As far as I can tell, this was only working before because it was totally ignoring these attributes:

https://github.com/terraform-providers/terraform-provider-aws/blob/840a82babd3ef0deed25ca7e06104f998577bbab/aws/resource_aws_lb_target_group.go#L218-L224

So while indeed this wasn't an _error_ before, it seems like it was never actually _working_. In principle we could restore the previous behavior of just silently ignoring these arguments for TCP target groups, but that seems counter to Terraform's usually goal of doing what it says it will do or failing loudly if it can't.

Given that these attributes were not functional before anyway, I'd like to propose that we move forward with these additional checks in place (arguably it was a bug that these checks were not present before) and require removing these previously-non-functional attributes from configuration when upgrading to 1.6 and above. Of course we ideally would've noticed this change in behavior and included it in the 1.6 changelog, which we can do now retroactively although it won't be visible within the v1.6.0 tag's version of the changelog since that is now frozen.

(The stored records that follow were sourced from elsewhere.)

(* For every (nonempty) composition $\alpha$, the monomial quasi-symmetric function $M_\alpha$ is irreducible both in $\mathrm{QSym}$ and in $K=\mathbb Z[[x_1,x_2,\dots]]$ (power series of bounded degree).
   Context: For a composition $\alpha=(\alpha_1,\dots,\alpha_k)$ (positive integers), $M_\alpha=\sum_{i_1<\dots<i_k}x_{i_1}^{\alpha_1}\cdots x_{i_k}^{\alpha_k}$. $\mathrm{QSym}\subseteq K$ is the ring of quasi-symmetric functions (bounded-degree series whose coefficient of $x_{i_1}^{a_1}\cdots x_{i_k}^{a_k}$ depends only on $(a_1,\dots,a_k)$ for $i_1<\dots<i_k$). The units of $K$ and of $\mathrm{QSym}$ are $\pm1$. *)

From mathcomp Require Import all_boot all_algebra.
Set Implicit Arguments. Unset Strict Implicit. Unset Printing Implicit Defensive.
Import GRing.Theory.
Local Open Scope ring_scope.

(* A monomial x_1^{s_0} x_2^{s_1} ... is represented by its exponent list
   s : seq nat (trailing zeros allowed; s and rcons s 0 denote the same
   monomial). *)
Definition series := seq nat -> int.

Definition wf_series (f : series) : Prop := forall s, f (rcons s 0%N) = f s.

Definition bounded_deg (f : series) : Prop :=
  exists d : nat, forall s, (d < sumn s)%N -> f s = 0.

Definition inK (f : series) : Prop := wf_series f /\ bounded_deg f.

Fixpoint divs (s : seq nat) : seq (seq nat) :=
  match s with
  | [::] => [:: [::]]
  | a :: s' => [seq i :: t | i <- iota 0 a.+1, t <- divs s']
  end.

Definition subm (s t : seq nat) : seq nat := [seq (x.1 - x.2)%N | x <- zip s t].

Definition mulS (f g : series) : series :=
  fun s => \sum_(t <- divs s) f t * g (subm s t).

Definition oneS : series := fun s => if sumn s == 0%N then 1 else 0.

Definition compo (s : seq nat) : seq nat := [seq a <- s | a != 0%N].

Definition quasisym (f : series) : Prop :=
  forall s t, compo s = compo t -> f s = f t.

Definition inQSym (f : series) : Prop := inK f /\ quasisym f.

Definition Mqs (alpha : seq nat) : series :=
  fun s => if compo s == alpha then 1 else 0.

Definition is_composition (alpha : seq nat) : bool :=
  (alpha != [::]) && all (fun a => 0 < a)%N alpha.

Definition unit_in (P : series -> Prop) (f : series) : Prop :=
  exists g, P g /\ forall s, mulS f g s = oneS s.

Definition irreducible_in (P : series -> Prop) (f : series) : Prop :=
  [/\ P f, (exists s, f s != 0), ~ unit_in P f &
      forall g h, P g -> P h -> (forall s, mulS g h s = f s) ->
        unit_in P g \/ unit_in P h].

(* If g h = M_alpha in K, evaluate along lines: substituting integers for finitely
   many variables is a ring morphism on series of bounded degree, and any two nonzero
   series are both nonzero at some common integer point c.  The polynomials
   l |-> g(l c) and l |-> h(l c) then multiply to M_alpha(c) l^|alpha|, so they are
   monomials, and the degrees of the monomials of g and of h add up to |alpha|: g and h
   are homogeneous, of degrees a and b.
   Now take a prime p > k = length alpha and put x_1 = ... = x_k = X and
   x_(k+1) = ... = x_(k+p) = 1 over F_p.  Since p divides 'C(p, m) for 0 < m < p,
   M_alpha becomes X^|alpha|, so if a, b > 0 both factors vanish at X = 0: p divides
   g(0^k, 1^p) and h(0^k, 1^p), whose product M_alpha(0^k, 1^p) = 'C(p, k) is not
   divisible by p^2.  Hence one factor is a constant c, and evaluating at 1^k gives
   c * h(1^k) = M_alpha(1^k) = 1, so c = 1 or -1. *)

From mathcomp Require Import all_boot all_algebra.
From mathcomp Require Import zify ring.
Set Implicit Arguments. Unset Strict Implicit. Unset Printing Implicit Defensive.
Import GRing.Theory Num.Theory.
Local Open Scope ring_scope.

(** * Arithmetic and polynomials *)

Lemma mem_leq_sumn s x : x \in s -> (x <= sumn s)%N.
Proof.
elim: s => //= y s IH; rewrite in_cons => /predU1P [->|/IH xs]; first exact: leq_addr.
exact: leq_trans xs (leq_addl _ _).
Qed.

Lemma int_unit_sqr (c x : int) : c * x = 1 -> c * c = 1.
Proof.
by rewrite mulrC => /intUnitRing.unitzPl; rewrite qualifE => /orP [] /eqP ->.
Qed.

Lemma sq_prime_ndvd_bin p k : prime p -> (0 < k < p)%N -> ~~ (p * p %| 'C(p, k))%N.
Proof.
move=> p_pr /andP [k0 kp]; apply/negP => pp_bin.
have p0 := prime_gt0 p_pr.
have p_fact : (p %| (p.-1)`!)%N.
  have fact_p : (p`! = p * (p.-1)`!)%N by rewrite -{1}(prednK p0) factS prednK.
  by rewrite -(@dvdn_pmul2l p _ _ p0) -fact_p -(bin_fact (ltnW kp)) dvdn_mulr.
have := Wilson (prime_gt1 p_pr); rewrite p_pr -addn1 (dvdn_addr _ p_fact) dvdn1.
by move/esym/eqP => p1; rewrite p1 in p_pr.
Qed.

Lemma exists_nonroot (R : numDomainType) (P : {poly R}) :
  P != 0 -> exists x : R, P.[x] != 0.
Proof.
move=> nzP; pose rs := [seq i%:R : R | i <- iota 0 (size P)].
have [/hasP [x _ Px]|/hasPn rsP] := boolP (has (fun x => P.[x] != 0) rs).
  by exists x.
case/negP: nzP; apply/eqP/(@roots_geq_poly_eq0 _ _ rs).
- by apply/allP => x /rsP; rewrite negbK.
- by rewrite map_inj_uniq ?iota_uniq //; apply: mulrIn; rewrite oner_eq0.
- by rewrite size_map size_iota.
Qed.

Lemma poly_horner_inj (R : numDomainType) (P Q : {poly R}) :
  (forall x, P.[x] = Q.[x]) -> P = Q.
Proof.
move=> PQ; apply/eqP; rewrite -subr_eq0; apply: contraT => /exists_nonroot [x].
by rewrite hornerD hornerN PQ subrr eqxx.
Qed.

Lemma coefM_lowest (R : nzRingType) (P Q : {poly R}) i j :
    (forall k, (k < i)%N -> P`_k = 0) -> (forall k, (k < j)%N -> Q`_k = 0) ->
  (P * Q)`_(i + j) = P`_i * Q`_j.
Proof.
move=> Pi Qj; have lti : (i < (i + j).+1)%N by lia.
rewrite coefM (bigD1 (Ordinal lti)) //= addKn big1 ?addr0 // => k ki.
have [ltki|ltik|eqki] := ltngtP k i; first by rewrite Pi ?mul0r.
  by rewrite Qj ?mulr0 //; have := ltn_ord k; lia.
by case/eqP: ki; apply: val_inj.
Qed.

Lemma coef_neq0_size (R : nzSemiRingType) (P : {poly R}) i :
  P`_i != 0 -> (i < size P)%N.
Proof. by apply: contraR; rewrite -leqNgt => ?; rewrite nth_default. Qed.

Lemma coef_mul_eq_monomial (R : idomainType) (P Q : {poly R}) (C : R) n i j :
  P * Q = C%:P * 'X^n -> P`_i != 0 -> Q`_j != 0 -> (i + j = n)%N.
Proof.
move=> PQ Pi Qj.
(* Both the lowest and the highest nonzero coefficients of P * Q sit in degree n. *)
have nzP : P != 0 by apply: contraNneq Pi => ->; rewrite coef0.
have nzQ : Q != 0 by apply: contraNneq Qj => ->; rewrite coef0.
have [i0 Pi0 mini0] := ex_minnP (ex_intro (fun k => P`_k != 0) i Pi).
have [j0 Qj0 minj0] := ex_minnP (ex_intro (fun k => Q`_k != 0) j Qj).
have low : (i0 + j0 = n)%N.
  have := mulf_neq0 Pi0 Qj0; rewrite -coefM_lowest => [|k|k].
  - by rewrite PQ coefCM coefXn; case: (i0 + j0 =P n)%N => // _; rewrite mulr0 eqxx.
  - by apply: contraTeq; rewrite -leqNgt; exact: mini0.
  - by apply: contraTeq; rewrite -leqNgt; exact: minj0.
have nzC : C != 0.
  by move: (mulf_neq0 nzP nzQ); apply: contraTneq => C0; rewrite PQ C0 mul0r eqxx.
have top : ((size P).-1 + (size Q).-1 = n)%N.
  have := size_mul nzP nzQ; rewrite PQ size_Cmul // size_polyXn.
  by have := size_poly_gt0 P; have := size_poly_gt0 Q; rewrite nzP nzQ; lia.
have := coef_neq0_size Pi; have := coef_neq0_size Qj.
by have := mini0 _ Pi; have := minj0 _ Qj; lia.
Qed.

Lemma Xn_factor_coef0 (R : idomainType) (P Q : {poly R}) a b :
  P * Q = 'X^(a + b) -> (size Q <= b.+1)%N -> (0 < a)%N -> P`_0 = 0.
Proof.
move=> PQ szQ a0; apply/eqP; apply: contraT => P0.
have nzQ : Q != 0.
  apply/eqP => Q0; move: PQ; rewrite Q0 mulr0 => /eqP.
  by rewrite eq_sym -size_poly_eq0 size_polyXn.
have PQ1 : P * Q = 1%:P * 'X^(a + b) by rewrite polyC1 mul1r.
have lcQ : Q`_(size Q).-1 != 0 by rewrite -lead_coefE lead_coef_eq0.
by have := coef_mul_eq_monomial PQ1 P0 lcQ; lia.
Qed.

Lemma sum_trunc_cauchy (R : comNzRingType) D (x : R) (A B : nat -> R) :
    (forall j l, (D < j + l)%N -> A j * B l = 0) ->
  \sum_(i < D.+1) x ^+ i * (\sum_(j < i.+1) A j * B (i - j)%N) =
  (\sum_(i < D.+1) x ^+ i * A i) * (\sum_(i < D.+1) x ^+ i * B i).
Proof.
move=> AB0; pose PA := \poly_(i < D.+1) A i; pose PB := \poly_(i < D.+1) B i.
have hornerP (C : nat -> R) : \sum_(i < D.+1) x ^+ i * C i = (\poly_(i < D.+1) C i).[x].
  by rewrite horner_poly; apply: eq_bigr => i _; rewrite mulrC.
rewrite !hornerP -hornerM.
have szAB : (size (PA * PB)%R <= D.+1)%N.
  apply/leq_sizeP => i Di; rewrite coefM big1 // => j _.
  rewrite !coef_poly; case: ifP => _; case: ifP => _; rewrite ?mul0r ?mulr0 //.
  by apply: AB0; have := ltn_ord j; lia.
rewrite (horner_coef_wide x szAB); apply: eq_bigr => i _.
rewrite coefM mulrC; congr (_ * _); apply: eq_bigr => j _.
by rewrite !coef_poly !ifT //; have := ltn_ord i; have := ltn_ord j; lia.
Qed.

(** * Evaluation of series at points *)

Definition slice (f : series) (i : nat) : series := fun s => f (i :: s).

Definition deg_le (f : series) (d : nat) := forall s, (d < sumn s)%N -> f s = 0.

Definition homogeneous (f : series) (d : nat) := forall s, f s != 0 -> sumn s = d.

Definition hcomp (d : nat) (f : series) : series :=
  fun s => if sumn s == d then f s else 0.

Lemma deg_le_slice f d i : deg_le f d -> deg_le (slice f i) (d - i).
Proof. by move=> fd s lt; apply: fd => /=; lia. Qed.

Lemma slice_eq0 f d i : deg_le f d -> (d < i)%N -> slice f i =1 (fun=> 0).
Proof. by move=> fd lt s; apply: fd => /=; lia. Qed.

Lemma homogeneous_deg_le f d : homogeneous f d -> deg_le f d.
Proof. by move=> fd s lt; apply/eqP; apply: contraT => /fd; lia. Qed.

Lemma homogeneous_hcomp d f : homogeneous (hcomp d f) d.
Proof. by move=> s; rewrite /hcomp; case: (sumn s =P d) => // _; rewrite eqxx. Qed.

Lemma wf_series_cat_nseq0 f s j : wf_series f -> f (s ++ nseq j 0%N) = f s.
Proof.
move=> wf; elim: j => [|j IH]; first by rewrite cats0.
by rewrite -addn1 nseqD catA cats1 wf.
Qed.

Lemma mulS_nil f g : mulS f g [::] = f [::] * g [::].
Proof. by rewrite /mulS /= big_seq1. Qed.

Lemma mulS_cons f g i s :
  mulS f g (i :: s) = \sum_(j < i.+1) mulS (slice f j) (slice g (i - j)) s.
Proof.
rewrite /mulS (_ : divs _ = [seq j :: t | j <- iota 0 i.+1, t <- divs s]) //.
by rewrite big_allpairs_dep -(subn0 i.+1) -/(index_iota 0 i.+1) big_mkord.
Qed.

Section Evaluation.
Variable R : comNzRingType.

Please let me know if any of you have a use-case where including these arguments even though they are ignored is important; we can then think about how we might strike a compromise to retain the now-more-correct validation while still making those use-cases work.

Sorry for the accidental undocumented compatibility break here! :confounded:

Thanks for looking into this @apparentlymart !

I did a little testing, and there is still a problem with 1.6. Consider this test configuration:

resource "aws_lb_target_group" "foo" {
    name = "tf-nlb-health-check-test"
    protocol = "TCP"
    port = "1234"
    vpc_id = "${local.vpc}"

    health_check {
        protocol = "HTTPS"
        port = 12345
        #path = "/custom/path"
        #matcher = "200-399"
        interval = 30
        #timeout = 10
        healthy_threshold = 3
        unhealthy_threshold = 3
    }
}

The lines that are commented out are the ones that I used in 1.5 but that are considered invalid now in 1.6. In 1.5 with those lines uncommented, it works for both creation and subsequent plan and apply.

With those lines commented out, 1.6 will create the target group successfully. However, subsequent plan or apply will produce the following error:

aws_lb_target_group.foo: Refreshing state... (ID: arn:aws:elasticloadbalancing:us-east-1:...nlb-health-check-test/f37488d894f4b0a6)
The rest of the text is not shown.